Node.js is the first scripting language that shipped without this problem straight out of the box.

The Python dev team slowly came to realize this was a real problem since it was first reported back at the end of 2007 and has seen a huge flurry of activity to fully understand and fully fix the bug in 2016.

hippietrail
  • 15,848
  • 18
  • 99
  • 158
  • 5
    You can't "output Unicode". Unicode is a method of representing characters internally as code points. To output it, you need some form of encoding - probably UTF-8. – Daniel Roseman Feb 09 '11 at 10:49
  • 2
    Of course you can output Unicode. On *nix the standard encoding to output Unicode in is UTF-8. On Windows the standard way to output in is UTF-16, except that in the Windows world they say "Unicode" when they mean UTF-16. This probably goes for Java too and anywhere else where UTF-8 is not primary. – hippietrail Feb 09 '11 at 12:54
  • 5
    @Daniel: if you don't like the terminology, then replace it with "print arbitrary Unicode characters on the console if appropriate conditions (font support etc.) are met". UTF-8 is part of the Unicode standard, which does much more than just assign code points. – Philipp Feb 09 '11 at 13:10
  • @Daniel: Unicode has specific terminology in which "encoding" means exactly "method of representing characters as code points". Compare this with UTF which stands for "Unicode transformation format" which is the process of representing codepoints as a stream of bytes or words etc. Outside the Unicode world, the mapping of characters to numbers (codepoints) and the transformation of a series of codepoints into a string of bytes or words are blurred together as "encoding". Confusing and annoying perhaps but that's how it is. – hippietrail Feb 11 '11 at 09:56
  • node.js is the first scripting language I have found that works out of the box with Unicode in the console on both *nix and Windows systems! Of course it's not intended as a regular scripting language but for server-size node-based stuff, so many features you'd expect from a scripting language are missing. ([It's not easy to read text line-by-line for instance.](http://stackoverflow.com/questions/6156501)) – hippietrail Jan 02 '13 at 02:34

9 Answers9

20

The main problem seems to be that it is not possible to use Unicode on Windows using only the standard C library and no platform-dependent or third-party extensions. The languages you mentioned originate from Unix platforms, whose method of implementing Unicode blends well with C (they use normal char* strings, the C locale functions, and UTF-8). If you want to do Unicode in C, you more or less have to write everything twice: once using nonstandard Microsoft extensions, and once using the standard C API functions for all other operating systems.
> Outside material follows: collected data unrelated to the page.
Lemma eval_serial_none (f : form) : eval serial_model f None = 0.
Proof.
  induction f as [p|a IHa b IHb|a IHa b IHb|a IHa b IHb|a IHa b IHb| |a IHa];
    simpl in *; try rewrite IHa; try rewrite IHb; try lra.
  - apply Rmin_left; lra.
  - apply Rmax_left; lra.
  - apply inf_R_singleton. intros v. split.
    + intros [[y|] [Hy ->]]; [contradiction | exact IHa].
    + intros ->. exists None. split; [exact I | symmetry; exact IHa].
Qed.

Lemma eval_serial_some (f : form) (u : world M) : eval serial_model f (Some u) = eval M f u.
Proof.
  revert u.
  induction f as [p|a IHa b IHb|a IHa b IHb|a IHa b IHb|a IHa b IHb| |a IHa];
    intros u; simpl in *; try rewrite IHa; try rewrite IHb; try reflexivity.
  destruct (classic (dead_end u)) as [Hd|Hd].
  - rewrite (inf_R_empty (fun v => exists y, acc M u y /\ v = eval M a y))
      by (intros v [y [Hy _]]; exact (Hd y Hy)).
    apply inf_R_singleton. intros v. split.
    + intros [[y|] [Hy ->]]; [exfalso; exact (Hd y Hy) | apply eval_serial_none].
    + intros ->. exists None. split; [exact Hd | symmetry; apply eval_serial_none].
  - unfold inf_R. f_equal. apply Glb_Rbar_eqset. intros v. split.
    + intros [[y|] [Hy ->]]; [exists y; auto | contradiction].
    + intros [y [Hy ->]]. exists (Some y). auto.
Qed.

End Serialization.

Lemma sum_lf_perm (v : form -> nat -> R) (L L' : list lform) :
  Permutation L L' -> sum_lf v L = sum_lf v L'.
Proof. induction 1; simpl; lra. Qed.

Lemma sum_lf_ext (v v' : form -> nat -> R) (L : list lform) :
  (forall f i, In (f, i) L -> v f i = v' f i) -> sum_lf v L = sum_lf v' L.
Proof.
  induction L as [|[f i] L IH]; intros H; simpl; [reflexivity|].
  rewrite H by (left; reflexivity). rewrite IH; [reflexivity|].
  intros g j Hg. apply H. right. exact Hg.
Qed.

Lemma is_lim_seq_sum_lf (v : nat -> form -> nat -> R) (a : form -> nat -> R) (L : list lform) :
  (forall f i, In (f, i) L -> is_lim_seq (fun n => v n f i) (a f i)) ->
  is_lim_seq (fun n => sum_lf (v n) L) (sum_lf a L).
Proof.
  induction L as [|[f i] L IH]; intros H; simpl; [apply is_lim_seq_const|].
  apply is_lim_seq_plus'; [apply H; left; reflexivity|].
  apply IH. intros g j Hg. apply H. right. exact Hg.
Qed.

Definition sat_approx (d e : R) (v : form -> nat -> R) (n : node) : Prop :=
  match n with
  | Ineq G Gt D => d <= sum_lf v G - sum_lf v D
  | Ineq G Ge D => - e <= sum_lf v G - sum_lf v D
  | Rel _ _ => True
  end.

Definition node_lforms (n : node) : list lform :=
  match n with Ineq G _ D => G ++ D | Rel _ _ => [] end.

Lemma sat_of_vanishing_approx_sat (B : branch) (d : R) (b : form -> R)
    (v : nat -> form -> nat -> R) (eps : nat -> R) :
  0 < d -> is_lim_seq eps 0 ->
  (forall n f i, - b f <= v n f i <= b f) ->
  (forall n m, In m B -> sat_approx d (eps n) (v n) m) ->
  exists a, forall m, In m B -> sat_node a m.
Proof.
  intros Hd Heps Hb Hsat.
  destruct (bounded_seqs_common_subseq (flat_map node_lforms B)
              (fun n lf => v n (fst lf) (snd lf)) (fun lf => b (fst lf)))
    as [phi [Hphi Hlim]]; [intros n [f i]; apply Hb|].
  set (a f i := real (Lim_seq (fun n => v (phi n) f i))).
  exists a. intros [G s D|i j] Hm; [|exact I].
  assert (Hconv : forall L, incl L (G ++ D) ->
             is_lim_seq (fun n => sum_lf (v (phi n)) L) (sum_lf a L)).
  { intros L HL. apply is_lim_seq_sum_lf. intros f i Hfi.
    apply (Lim_seq_correct' (fun n => v (phi n) f i)).
    apply (Hlim (f, i)), in_flat_map. exists (Ineq G s D). auto. }
  pose proof (is_lim_seq_minus' _ _ _ _
                (Hconv G (incl_appl D (incl_refl G))) (Hconv D (incl_appr G (incl_refl D))))
    as Hexcess.
  pose proof (fun n => Hsat (phi n) _ Hm) as Hn. destruct s; simpl in *.
  - pose proof (is_lim_seq_le _ _ d _ Hn (is_lim_seq_const d) Hexcess) as H. simpl in H. lra.
  - pose proof (proj1 (is_lim_seq_opp _ _) (is_lim_seq_subseq eps 0 phi Hphi Heps)) as Hopp.
    pose proof (is_lim_seq_le _ _ _ _ Hn Hopp Hexcess) as H. simpl in H. lra.
Qed.
(* Let $\mathcal A\subseteq E^\infty$, let $V\subseteq E$ be a block subspace, $\vec v$ a finite block sequence and $T$ a $(V,\vec v)$-rule, and suppose that for every block subspace $W\subseteq V$, player I has no strategy in $B^T_W(\vec v)$ to play in $\mathcal A$. Then there are a block subspace $X\subseteq V$ and an $(X,\vec v)$-rule $S\subseteq T$ such that $[S]\cap{\rm Int}(\mathcal A)=\emptyset$ and, for every block subspace $W\subseteq X$, player I has no strategy in $B^S_W(\vec v)$ to play in $\mathcal A$.
   Context: Fix a countable field $\mathfrak F$ and let $E$ be the countable-dimensional $\mathfrak F$-vector space with basis $(e_n)$. For non-zero $x=\sum a_ne_n$, ${\rm supp}\,x=\{n:a_n\neq0\}$. A block sequence is a sequence of non-zero vectors with $\max{\rm supp}\,x_n<\min{\rm supp}\,x_{n+1}$. ''Subspace'' means an infinite-dimensional block subspace of $E$. For a subspace $X$, $X[k]=\{x\in X\setminus\{0\}:k<\min{\rm supp}\,x\}$. $E^\infty=E^{\mathbb N}$ with the product of discrete topologies; ${\rm Int}$ denotes interior; $E^{<\infty}$ is the set of finite block sequences; $\hat{}$ is concatenation; $T_{\vec x}=\{\vec y:\vec x\,\hat{}\,\vec y\in T\}$; $[T]=\{(x_n)\in E^\infty:\text{for infinitely many } m,\ (x_0,\dots,x_m)\in T\}$. Game $B_V(\vec v)$: if $|\vec v|$ is even: II plays a subspace $Z_0\subseteq V$; I plays non-zero $x_0\in Z_0$ and $n_0\in\mathbb N$; II plays non-zero $y_0\in V[n_0]$ and a subspace $Z_1\subseteq V$; I plays $x_1\in Z_1$, $n_1$; II plays $y_1\in V[n_1]$, $Z_2$; etc.; outcome $\vec v\,\hat{}\,(x_0,y_0,x_1,y_1,\dots)$. If $|\vec v|$ is odd: I plays $n_0$; II plays $y_0\in V[n_0]$ and $Z_0\subseteq V$; I plays $x_0\in Z_0$ and $n_1$; II plays $y_1\in V[n_1]$ and $Z_1$; etc.; outcome $\vec v\,\hat{}\,(y_0,x_0,y_1,x_1,\dots)$. A $(V,\vec v)$-rule is a set $T\subseteq E^{<\infty}$ with $\vec v\in T$ such that: (i) if $\vec y\in T$, $|\vec y|$ odd, then for every subspace $Z\subseteq V$ there is $z\in Z$ with $\vec y\,\hat{}\,z\in T$; (ii) if $\vec y\in T$, $|\vec y|$ even, then there is $n$ with $\vec y\,\hat{}\,z\in T$ for all $z\in V[n]$. The $T$-induced subgame $B^T_V(\vec v)$ is played as $B_V(\vec v)$ with the additional requirement that every position, i.e. the finite sequence of vectors played so far listed in the order they appear in the outcome, belongs to $T_{\vec v}$. A strategy to play in $\mathcal A$ is one all of whose outcomes lie in $\mathcal A$. *)

From HB Require Import structures.
From mathcomp Require Import all_boot all_order all_algebra.
Set Implicit Arguments. Unset Strict Implicit. Unset Printing Implicit Defensive.
Import Order.TTheory GRing.Theory Num.Theory.
Local Open Scope ring_scope.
While this can be done, it usually doesn't have high priority because it's cumbersome and most scripting language developers either hate or ignore Windows anyway.

At a more technical level, I think the basic assumption that most standard library designers make is that all I/O streams are inherently byte-based on the OS level, which is true for files on all operating systems, and for all streams on Unix-like systems, with the Windows console being the only exception. Thus the architecture many class libraries and programming language standard have to be modified to a great extent if one wants to incorporate Windows console I/O.

Another more subjective point is that Microsoft just did not enough to promote the use of Unicode. The first Windows OS with decent (for its time) Unicode support was Windows NT 3.1, released in 1993, long before Linux and OS X grew Unicode support. Still, the transition to Unicode in those OSes has been much more seamless and unproblematic. Microsoft once again listened to the sales people instead of the engineers, and kept the technically obsolete Windows 9x around until 2001; instead of forcing developers to use a clean Unicode interface, they still ship the broken and now-unnecessary 8-bit API interface, and invite programmers to use it (look at a few of the recent Windows API questions on Stack Overflow, most newbies still use the horrible legacy API!).

When Unicode came out, many people realized it was useful. Unicode started as a pure 16-bit encoding, so it was natural to use 16-bit code units. Microsoft then apparently said "OK, we have this 16-bit encoding, so we have to create a 16-bit API", not realizing that nobody would use it. The Unix luminaries, however, thought "how can we integrate this into the current system in an efficient and backward-compatible way so that people will actually use it?" and subsequently invented UTF-8, which is a brilliant piece of engineering. Just as when Unix was created, the Unix people thought a bit more, needed a bit longer, has less financially success, but did it eventually right.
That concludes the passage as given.